Entitlement to a specific performance remedy survives a company’s administration.
Bristol Alliance v Bennett [18 December 2013] concerns a landlord’s entitlement to a payment from a tenant due on completion of a surrender of the tenant’s lease. The complexity for the landlord was caused by the tenant company going into administration between exchange of an agreement to surrender the lease and completion of the surrender.
A/Wear UK Ltd (in administration) was a women’s high street fashion retailer with leasehold stores in Leicester and Bristol. The company had heavy losses and it entered into agreements with its landlords, Bristol Alliance and others, to surrender those leases on a date to be notified by the landlords.
The agreements provided that on completion of the surrenders the company would pay the landlords a reverse premium, £340,000 plus VAT in the case of the Bristol lease and £210,000 plus VAT for the Leicester one. The premium was consideration for releasing the company from its lease obligations and was held by the respective landlords’ solicitors in an escrow account, to be released to the landlords when the surrender completed.
Towards the end of 2011 the landlords served notice on the company requiring completion of the surrenders. In between service of the notices and completion, the company went into administration.
Its administrators who included Mr Bennett refused to complete and the case revolved around the landlords’ entitlement to the premiums. The administrators sought the court’s directions on whether the landlords were entitled to be paid the premiums held by their solicitors. If they were not, should the landlords be allowed to bring proceedings for specific performance of the surrender agreements, which, if successful, would entitle the landlords to the premiums? As the company was in administration, no such proceedings could be brought without either the administrators’ consent (which was refused) or the court’s permission.

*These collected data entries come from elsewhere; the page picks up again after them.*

Section patching.
Variables (R : realType) (G : choiceType) (A : G -> G -> bool) (P : (G -> int) -> Prop).
Hypotheses (PD : forall f h, P f -> P h -> P (fun j => f j + h j))
  (PN : forall f, P f -> P (fun j => - f j))
  (PM : forall f h, P f -> P h -> P (fun j => f j * h j))
  (P0 : P (fun _ => 0)).

Lemma P_zscale (z : int) f : P f -> P (fun j => z * f j).
Proof.
move=> Pf; have Pn (n : nat) : P (fun j => n%:Z * f j).
  elim: n => [|n IH]; first by under eq_fun do rewrite mul0r.
  by under eq_fun do rewrite -addn1 PoszD mulrDl mul1r; exact: PD.
case: z => n; first exact: Pn.
by under eq_fun do rewrite NegzE mulNr; exact: PN.
Qed.

Section patch.
Variables (B : Amb G -> set (Amb G)) (v : Amb G -> int).

(* [v x] on the trace of [B x] and [patch s'] off it; written without the
   constant 1, which frak R_A lacks. *)
Fixpoint patch (s : seq (Amb G)) : G -> int :=
  if s is x :: s' then fun j =>
    v x * emb_indic A (B x) j + (patch s' j - emb_indic A (B x) j * patch s' j)
  else fun _ => 0.

Lemma P_patch s : (forall x, x \in s -> P (emb_indic A (B x))) -> P (patch s).
Proof.
elim: s => [|x s IH] Ps //=.
have Px := Ps x (mem_head x s).
have {}IH := IH (fun y ys => Ps y (@mem_behead _ (x :: s) y ys)).
by apply: PD (P_zscale _ Px) (PD IH (PN (PM Px IH))).
Qed.

Lemma patch_in (g : Amb G -> R) s j :
  (forall x, x \in s -> B x (embA A j) -> g (embA A j) = (v x)%:~R) ->
  (exists2 x, x \in s & B x (embA A j)) -> (patch s j)%:~R = g (embA A j).
Proof.
elim: s => [|x s IH] gv [y] //=; rewrite inE.
have [Bxj|nBxj] := pselect (B x (embA A j)).
  by rewrite emb_indic1 // mulr1 mul1r subrr addr0 (gv x) ?mem_head.
rewrite emb_indic0 // mulr0 mul0r subr0 add0r => /orP[/eqP->|ys] Byj //.
by apply: IH => [z zs|]; [apply: gv; rewrite inE zs orbT | exists y].
Qed.

Lemma patch_out s j : (forall x, x \in s -> ~ B x (embA A j)) -> patch s j = 0.
Proof.
elim: s => [|x s IH] nB //=.
rewrite emb_indic0 ?mulr0 ?mul0r ?subr0 ?add0r; last exact/nB/mem_head.
by apply: IH => y ys; apply: nB; rewrite inE ys orbT.
Qed.

End patch.

Lemma lift_by_patching (X K : set (Amb G)) (g : Amb G -> R) :
  compact K -> K `<=` X -> (forall j, X (embA A j)) ->
  (forall x, X x -> g x \is a Num.int) ->
  (forall x, K x -> exists B, [/\ open B, B x,
     (forall y, B y -> X y -> g y = g x) & P (emb_indic A B)]) ->
  (forall j, ~ K (embA A j) -> g (embA A j) = 0) ->
  exists f, P f /\ forall j, g (embA A j) = (f j)%:~R.
Proof.
move=> cK KX Xemb gint Kloc gout.
have /choice[B Bloc] : forall x, exists Bx : set (Amb G), K x ->
    [/\ open Bx, Bx x, (forall y, Bx y -> X y -> g y = g x) & P (emb_indic A Bx)].
  by move=> x; have [/Kloc[Bx ?]|] := pselect (K x); [exists Bx | exists set0].
have nbhsB x : K x -> nbhs x (B x).
  by case/Bloc => oB Bx _ _; exact: open_nbhs_nbhs.
have [s sK covK] := compact_seq_subcover cK nbhsB.
exists (patch B (fun x => Num.floor (g x)) s); split.
  by apply: P_patch => x /sK/Bloc[].
move=> j; have [Bj|nBj] := pselect (exists2 x, x \in s & B x (embA A j)).
  apply/esym/(patch_in _ Bj) => x /sK Kx Bxj; have [_ _ gB _] := Bloc x Kx.
  by rewrite (gB _ Bxj (Xemb j)) floorK //; apply/gint/KX.
rewrite patch_out ?gout // => [Kj|x xs Bxj]; apply: nBj; last by exists x.
by have [x xs Bxj] := covK _ Kj; exists x.
Qed.

End patching.

Section traces.
Variables (R : realType) (G : choiceType) (A : G -> G -> bool).

Lemma embA_GammatA j : GammatA A (embA A j).
Proof. by apply: subset_closure; exists j. Qed.

Lemma embA_GammaA j : GammaA A (embA A j).
Proof. by split; [exact: embA_GammatA | case]. Qed.

Lemma frakRt_CZ f : frakRt A f ->
  exists g : Amb G -> R, CZ (GammatA A) g /\ forall j, g (embA A j) = (f j)%:~R.
Proof.
by move=> /frakRt_lift[h lch ->]; exists (fun x => (h x)%:~R); split; [exact: CZ_lift|].
Qed.

Lemma frakR_C0Z f : frakR A f ->
  exists g : Amb G -> R, C0Z (GammaA A) g /\ forall j, g (embA A j) = (f j)%:~R.
Proof.
move=> /frakR_lift[h lch [h0 ->]].
by exists (fun x => (h x)%:~R); split; [exact: C0Z_lift|].
Qed.

Lemma CZ_frakRt (g : Amb G -> R) : CZ (GammatA A) g ->
  exists f, frakRt A f /\ forall j, g (embA A j) = (f j)%:~R.
Proof.
move=> [cg gint].
apply: (lift_by_patching (@frakRt_add _ A) (@frakRt_opp _ A) (@frakRt_mul _ A)
  (frakRt_0 A) (X := GammatA A) (compact_GammatA (A := A))) => //.
- exact: embA_GammatA.
- move=> x Xx.
  have [B [oB Bx BN RB _]] := box_basis A (int_locally_constant_within cg gint Xx).
  by exists B; split=> // y /BN.
- by move=> j []; exact: embA_GammatA.
Qed.

Lemma C0Z_frakR (g : Amb G -> R) : C0Z (GammaA A) g ->
  exists f, frakR A f /\ forall j, g (embA A j) = (f j)%:~R.
Proof.
move=> [[cg gint] cpt].
apply: (lift_by_patching (@frakR_add _ A) (@frakR_opp _ A) (@frakR_mul _ A)
  (frakR_0 A) (X := GammaA A) (cpt 1 ltr01)) => //.
- by move=> x [].
- exact: embA_GammaA.
- move=> x [Xx _]; have [_ x_star] := Xx.
  have [B [oB Bx BN _ RB]] := box_basis A (int_locally_constant_within cg gint Xx).
  by exists B; split=> //; apply: RB.
- move=> j nK; apply: int_num_norm_lt1 (gint _ (embA_GammaA j)) _.
  by rewrite ltNge; apply/negP => g1; apply: nK; split; [exact: embA_GammaA|].
Qed.

End traces.

Theorem proposition4p2 (R : realType) (G : choiceType) (A : G -> G -> bool) :
  ((forall f : G -> int, frakR A f ->
      exists g : Amb G -> R, C0Z (GammaA A) g /\ forall j, g (embA A j) = (f j)%:~R)
   /\ (forall g : Amb G -> R, C0Z (GammaA A) g ->
      exists f : G -> int, frakR A f /\ forall j, g (embA A j) = (f j)%:~R))
  /\
  ((forall f : G -> int, frakRt A f ->
      exists g : Amb G -> R, CZ (GammatA A) g /\ forall j, g (embA A j) = (f j)%:~R)
   /\ (forall g : Amb G -> R, CZ (GammatA A) g ->
      exists f : G -> int, frakRt A f /\ forall j, g (embA A j) = (f j)%:~R)).
Proof.
split; split=> ?; [exact: frakR_C0Z | exact: C0Z_frakR | exact: frakRt_CZ | exact: CZ_frakRt].
Qed.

The High Court decided that the landlords were not entitled to be paid the premiums, because the surrenders had not been completed. The court also refused permission to bring proceedings. The landlords appealed and were successful in the Court of Appeal, thereby entitling them to the premiums.
The landlords’ entitlement to the premiums in the escrow account was only as part of the price for the surrender and was, therefore, only payable when the surrenders were completed. Since the surrenders had not completed due to the administrators’ refusal to do so, the landlords had acquired no right to the payment. However, the landlords had the contractual right to seek the court’s permission to sue for specific performance of the agreements and the Court allowed the landlords to enforce them.
The landlords were in principle entitled to specific performance (in order to compel the company to complete the surrenders) before the company entered administration and there was no reason why it should not be entitled to it afterwards. The company’s administration could not have resulted and did not result in any material change of circumstances.
An order for specific performance would entitle the landlords to the escrow money and would not thereby entitle them to money that was part of the company’s assets or, therefore, available for its creditors. So the order would not deprive the company of any assets then distributable to the creditors.